» **Work required**:
Extract from the entries below, exactly as given, only the lines from the line containing "measurable_fun setT f -> measurable" to the line containing "by have := truncnS_gt", both lines included.

» **Provided material**:
Lemma fine_measure_le_setU (X Y Z : set T) :
  measurable X -> measurable Y -> measurable Z -> X `<=` Y `|` Z ->
  fine (mu X) <= fine (mu Y) + fine (mu Z).
Proof.
move=> mX mY mZ XYZ; rewrite -lee_fin EFinD !fineK ?fin_num_measure//.
apply: le_trans (measureU2 mu mY mZ).
by rewrite le_measure// inE//; exact: measurableU.
Qed.

Lemma measure_nonincreasing_small (F : (set T)^nat) :
  (forall k, measurable (F k)) -> (forall k, F k.+1 `<=` F k) ->
  mu (\bigcap_k F k) = 0%E -> forall e : R, 0 < e -> exists k, (mu (F k) < e%:E)%E.
Proof.
move=> mF dF F0 e e0.
have Fdecr : nonincreasing_seq F by apply/nonincreasing_seqP => k; exact/subsetPset.
have F0fin : (mu (F 0%N) < +oo)%E by rewrite -ge0_fin_numE// fin_num_measure.
have : mu \o F @ \oo --> 0%E.
  rewrite -F0; exact: nonincreasing_cvg_mu F0fin mF (bigcapT_measurable mF) Fdecr.
move=> /(_ _ (nbhs_open_ereal_lt (f := fun=> e) e0)) [N _ hN].
by exists N; exact: (hN N (leqnn N)).
Qed.

Lemma measurable_set_gt (f : T -> R) (t : R) :
  measurable_fun setT f -> measurable [set x | t < f x].
Proof.
move=> mf; rewrite (_ : [set x | _] = setT `&` f @^-1` `]t, +oo[); first exact: mf.
by apply/seteqP; split => x /=; rewrite in_itv /= andbT // => -[].
Qed.

Lemma measure_tail_small (f : T -> R) : measurable_fun setT f ->
  forall e t0 : R, 0 < e -> exists2 t, t0 <= t & (mu [set x | (t < f x)%R] < e%:E)%E.
Proof.
move=> mf e t0 e0.
pose F k := [set x | t0 + k%:R < f x].
have mF k : measurable (F k) by exact: measurable_set_gt.
have dF k : F k.+1 `<=` F k by move=> x; apply: le_lt_trans; rewrite lerD2l ler_nat.
have F0 : \bigcap_k F k = set0.
  apply/seteqP; split => // x /(_ (truncn `|f x - t0|).+1 I); rewrite /F /=.
  by have := truncnS_gt `|f x - t0|; have := ler_norm (f x - t0); lra.
have mu0 : mu (\bigcap_k F k) = 0%E by rewrite F0 measure0.
have [k hk] := measure_nonincreasing_small mF dF mu0 e0.
by exists (t0 + k%:R); first by rewrite lerDl.
Qed.

Lemma cvg_measure_sandwich (A : (set T)^nat) (B : set T) :
  (forall j, measurable (A j)) -> measurable B ->
  (forall e : R, 0 < e -> exists L U N : set T,
    [/\ measurable L, measurable U & measurable N] /\
    [/\ L `<=` B, B `<=` U, (mu (U `\` L) < e%:E)%E, (mu N < e%:E)%E &
        \forall j \near \oo, A j `<=` U `|` N /\ L `<=` A j `|` N]) ->
  mu \o A @ \oo --> mu B.
Proof.
move=> mA mB approx; rewrite -(fineK (fin_num_measure mu _ mB)).
apply: cvg_EFin; first by apply: nearW => j; exact: fin_num_measure.
apply/cvgrPdist_lt => e e0.
have [L [U [N [[mL mU mN] [LB BU UL Ne hj]]]]] := approx _ (divr_gt0 e0 (ltr0n _ 2)).
have mUL := measurableD mU mL.
have fine_lt X : measurable X -> (mu X < (e / 2)%:E)%E -> fine (mu X) < e / 2.
  by move=> mX; rewrite -lte_fin fineK// fin_num_measure.
have hU : U `<=` B `|` (U `\` L).
  by move=> x Ux; case: (pselect (L x)) => Lx; [left; exact: LB | right].
have hB : B `<=` L `|` (U `\` L).
  by move=> x Bx; case: (pselect (L x)) => Lx; [left | right; split => //; exact: BU].
have h1 := fine_measure_le_setU mU mB mUL hU.
have h2 := fine_measure_le_setU mB mL mUL hB.
have h3 := fine_lt _ mUL UL; have h4 := fine_lt _ mN Ne.
apply: filterS hj => j [AU LA] /=.
have h5 := fine_measure_le_setU (mA j) mU mN AU.
have h6 := fine_measure_le_setU mL (mA j) mN LA.
rewrite ltr_norml; apply/andP; split; lra.
Qed.

End finite_measure_approximation.

Lemma integral_eq0_off2 (R : realType) (mu : {measure set (measurableTypeR R) -> \bar R})
    (f : measurableTypeR R -> \bar R) (a b : R) :
  mu [set a] = 0%E -> mu [set b] = 0%E -> (forall x, 0 <= f x)%E ->
  (forall x, x != a -> x != b -> f x = 0%E) -> (\int[mu]_x f x = 0)%E.
Proof.
move=> mua mub f0 fab.
have mf : measurable_fun setT f.
  have -> : f = (fun x => f a * (\1_[set a] x)%:E + f b * (\1_([set b] `\ a) x)%:E)%E.
    apply/funext => x; rewrite !indicE.
    have [->|xa] := eqVneq x a.
      by rewrite mem_set// memNset ?mule1 ?mule0 ?adde0// => -[_]; apply.
    rewrite memNset ?mule0 ?add0e; last exact/eqP.
    have [xb|xb] := eqVneq x b.
      by subst x; rewrite mem_set ?mule1//; split => //= ba; rewrite ba eqxx in xa.
    by rewrite memNset ?mule0 ?fab// => -[/= /eqP]; rewrite (negbTE xb).
  by apply: emeasurable_funD; apply: emeasurable_funM => //;
    apply/measurable_EFinP; apply: measurable_indic => //; exact: measurableD.
have mab : measurable ([set a] `|` [set b] : set R) by exact: measurableU.
have mu_ab : mu ([set a] `|` [set b]) = 0%E by rewrite measureU0.
rewrite (ge0_negligible_integral _ _ _ _ mu_ab)//; apply: integral0_eq => x [_].
by move=> /not_orP[/eqP xa /eqP xb]; exact: fab.
Qed.

Lemma normal_prob_set1 (R : realType) (a : R) : normal_prob (0:R) 1 [set a] = 0%E.
Proof.
have a0 : lebesgue_measure.-null_set ([set a] : set R).
  move=> A mA Aa; apply/eqP; rewrite eq_le measure_ge0 andbT.
  by rewrite -(lebesgue_measure_set1 a) le_measure// inE.
exact: (normal_prob_dominates 0 1 a0).
Qed.

Lemma integral_normal_prob_eq0_off2 (R : realType) (f : R -> \bar R) (a b : R) :
  (forall x, 0 <= f x)%E ->
  (forall x, x != a -> x != b -> f x = 0%E) -> (\int[normal_prob (0:R) 1]_x f x = 0)%E.
Proof. exact: integral_eq0_off2 (normal_prob_set1 a) (normal_prob_set1 b). Qed.

Lemma lt_of_ne_xget_min d (T : orderType d) (x0 : T) (J : set T) x :
  J x -> x != xget x0 [set a | J a /\ forall y, J y -> (a <= y)%O] ->
  exists2 y, (y < x)%O & J y.
Proof.
move=> Jx; set M := [set a | _]; apply: contraNP => noy; apply/eqP.
have Mx : M x.
  by split => // y Jy; rewrite leNgt; apply/negP => yx; apply: noy; exists y.
have [Ja amin] : M (xget x0 M) by apply: xgetPex; exists x.
by apply/le_anti; rewrite (amin _ Jx) (Mx.2 _ Ja).
Qed.

Section gaussian_probability.
Variable R : realType.

Definition cons_pair m (p : measurableTypeR R * m.-tuple R) : m.+1.-tuple R :=
  [tuple of p.1 :: p.2].

Lemma measurable_cons_pair m : measurable_fun setT (@cons_pair m).
Proof. exact: measurable_cons. Qed.

HB.instance Definition _ m :=
  isMeasurableFun.Build _ _ _ _ (@cons_pair m) (@measurable_cons_pair m).

Fixpoint gauss_prob m : probability (m.-tuple R) R :=
  match m with
  | 0 => Probability.clone _ _ _ (\d_([tuple] : 0.-tuple R)) _
  | m.+1 => Probability.clone _ _ _
      (distribution (normal_prob 0 1 \x gauss_prob m)%E (@cons_pair m)) _
  end.

Lemma gauss_probE m (A : set (m.-tuple R)) : gauss_prob m A = gauss_tuple A.
Proof.
elim: m A => [|m IH] A //=.
rewrite /distribution /pushforward /product_measure1; apply: eq_integral => x _ /=.
rewrite -IH; congr (gauss_prob m _).
by apply/seteqP; split => t /=; rewrite /xsection /= inE.
Qed.

Lemma gauss_tuple_ge0 m (A : set (m.-tuple R)) : (0 <= gauss_tuple A)%E.
Proof. by rewrite -gauss_probE measure_ge0. Qed.

Lemma gauss_tuple_set0 m : gauss_tuple (set0 : set (m.-tuple R)) = 0%E.
Proof. by rewrite -gauss_probE measure0. Qed.

End gaussian_probability.

Section tuple_convexity.
Variable R : realType.

Definition tuple_convex m (S : set (m.-tuple R)) :=
  forall t t' u (l : R), S t -> S t' -> 0 <= l <= 1 ->
    (forall i, tnth u i = l * tnth t i + (1 - l) * tnth t' i) -> S u.

Definition tuple_interior m (S : set (m.-tuple R)) : set (m.-tuple R) :=
  [set z | exists2 r : R, 0 < r & forall u, (forall i, `|tnth u i - tnth z i| < r) -> S u].

Definition tuple_section m (S : set (m.+1.-tuple R)) (x : R) : set (m.-tuple R) :=
  [set t : m.-tuple R | S [tuple of x :: t]].

Lemma tuple_convex_section m (S : set (m.+1.-tuple R)) x :
  tuple_convex S -> tuple_convex (tuple_section S x).
Proof.
move=> cS t t' u l St St' l01 hu; apply: (cS _ _ _ l St St' l01) => i.
by case: (unliftP ord0 i) => [j ->|->]; rewrite ?tnthS //=; ring.
Qed.

Lemma tuple_interior_section m (S : set (m.+1.-tuple R)) (x : R) (t : m.-tuple R) :
  tuple_interior S [tuple of x :: t] -> tuple_interior (tuple_section S x) t.
Proof.
move=> [r r0 hr]; exists r => // u hu; apply: hr => i.
by case: (unliftP ord0 i) => [j ->|->]; rewrite ?tnthS //= subrr normr0.
Qed.

Lemma exists_ub_ord m (f : 'I_m -> R) : exists2 M, 0 < M & forall i, f i <= M.
Proof.
exists (1 + \sum_i `|f i|) => [|i]; first by rewrite ltr_pwDl ?sumr_ge0.
rewrite (bigD1 i) //= addrCA; apply: le_trans (ler_norm _) _.
by rewrite lerDl addr_ge0 ?sumr_ge0.
Qed.

Lemma dilation_bound (a b c th M r : R) :
  0 <= th <= 1 / 2 -> `|b - c| <= M -> `|a - c| < r / 4 -> th * M <= r / 4 ->
  `|(a - th * b) / (1 - th) - c| < r.
Proof.
move=> /andP[th0 th1] bM ar thM.
have th1' : 0 < 1 - th by lra.
have -> : (a - th * b) / (1 - th) - c = ((a - c) - th * (b - c)) / (1 - th).
  by field; rewrite gt_eqF.
rewrite normrM normfV (gtr0_norm th1') ltr_pdivrMr //.
have : `|th * (b - c)| <= th * M by rewrite normrM ger0_norm // ler_wpM2l.
have := ler_normB (a - c) (th * (b - c)).
have r0 : 0 < r by have := normr_ge0 (a - c); lra.
have : r / 2 <= r * (1 - th) by nra.
lra.
Qed.

Lemma tuple_convex_halfbox m (S : set (m.+1.-tuple R)) (x y r : R) (t s : m.-tuple R) :
  tuple_convex S -> 0 < r ->
  (forall u, (forall i, `|tnth u i - tnth t i| < r) -> S [tuple of x :: u]) ->
  S [tuple of y :: s] -> x != y ->
  exists2 r', 0 < r' & forall w : m.+1.-tuple R,
    `|tnth w ord0 - x| < r' -> 0 <= (tnth w ord0 - x) * (y - x) ->
    (forall i, `|tnth w (lift ord0 i) - tnth t i| < r') -> S w.
Proof.
move=> cS r0 box Sy xy.
have yx0 : y - x != 0 by rewrite subr_eq0 eq_sym.
set D := `|y - x|; have D0 : 0 < D by rewrite normr_gt0.
have [M M0 hM] := exists_ub_ord (fun i => `|tnth s i - tnth t i|).
exists (minr (D / 2) (minr (r / 4) (r / 4 * (D / M)))) => [|w].
  have DM : 0 < D / M by exact: divr_gt0.
  by rewrite !lt_min; apply/and3P; split; [lra | lra | apply: mulr_gt0 DM; lra].
rewrite !lt_min => /andP[w0D /andP[_ w0M]] sgn wt.
set th := (tnth w ord0 - x) / (y - x).
have th0 : 0 <= th.
  have -> : th = (tnth w ord0 - x) * (y - x) / (y - x) ^+ 2 by rewrite /th; field.
  by rewrite divr_ge0 ?sqr_ge0.
have thE : th = `|tnth w ord0 - x| / D by rewrite /D -normfV -normrM ger0_norm.
have th_half : th <= 1 / 2 by rewrite thE ler_pdivrMr //; lra.
have thM : th * M <= r / 4.
  rewrite thE mulrAC ler_pdivrMr //; apply: ltW.
  by rewrite -ltr_pdivlMr // -mulrA.
have th1 : 1 - th != 0 by apply: lt0r_neq0; lra.
(* w = th (y :: s) + (1 - th) (x :: p), with p in the box around t *)
pose p := [tuple (tnth w (lift ord0 i) - th * tnth s i) / (1 - th) | i < m].
apply: (cS _ _ w th Sy (box p _)) => [i||i].
- rewrite tnth_mktuple; apply: dilation_bound; rewrite ?th0 //.
  by have := wt i; rewrite !lt_min => /and3P[].
- by rewrite th0 /=; lra.
- case: (unliftP ord0 i) => [j ->|->]; first by rewrite !tnthS tnth_mktuple; field.
  have -> : tnth w ord0 = th * (y - x) + x by rewrite divfK ?subrK.
  by rewrite [in RHS](tnth_nth 0) [in RHS](tnth_nth 0) /=; ring.
Qed.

» **Result of this exercise**:
  measurable_fun setT f -> measurable [set x | t < f x].
Proof.
move=> mf; rewrite (_ : [set x | _] = setT `&` f @^-1` `]t, +oo[); first exact: mf.
by apply/seteqP; split => x /=; rewrite in_itv /= andbT // => -[].
Qed.

Lemma measure_tail_small (f : T -> R) : measurable_fun setT f ->
  forall e t0 : R, 0 < e -> exists2 t, t0 <= t & (mu [set x | (t < f x)%R] < e%:E)%E.
Proof.
move=> mf e t0 e0.
pose F k := [set x | t0 + k%:R < f x].
have mF k : measurable (F k) by exact: measurable_set_gt.
have dF k : F k.+1 `<=` F k by move=> x; apply: le_lt_trans; rewrite lerD2l ler_nat.
have F0 : \bigcap_k F k = set0.
  apply/seteqP; split => // x /(_ (truncn `|f x - t0|).+1 I); rewrite /F /=.
  by have := truncnS_gt `|f x - t0|; have := ler_norm (f x - t0); lra.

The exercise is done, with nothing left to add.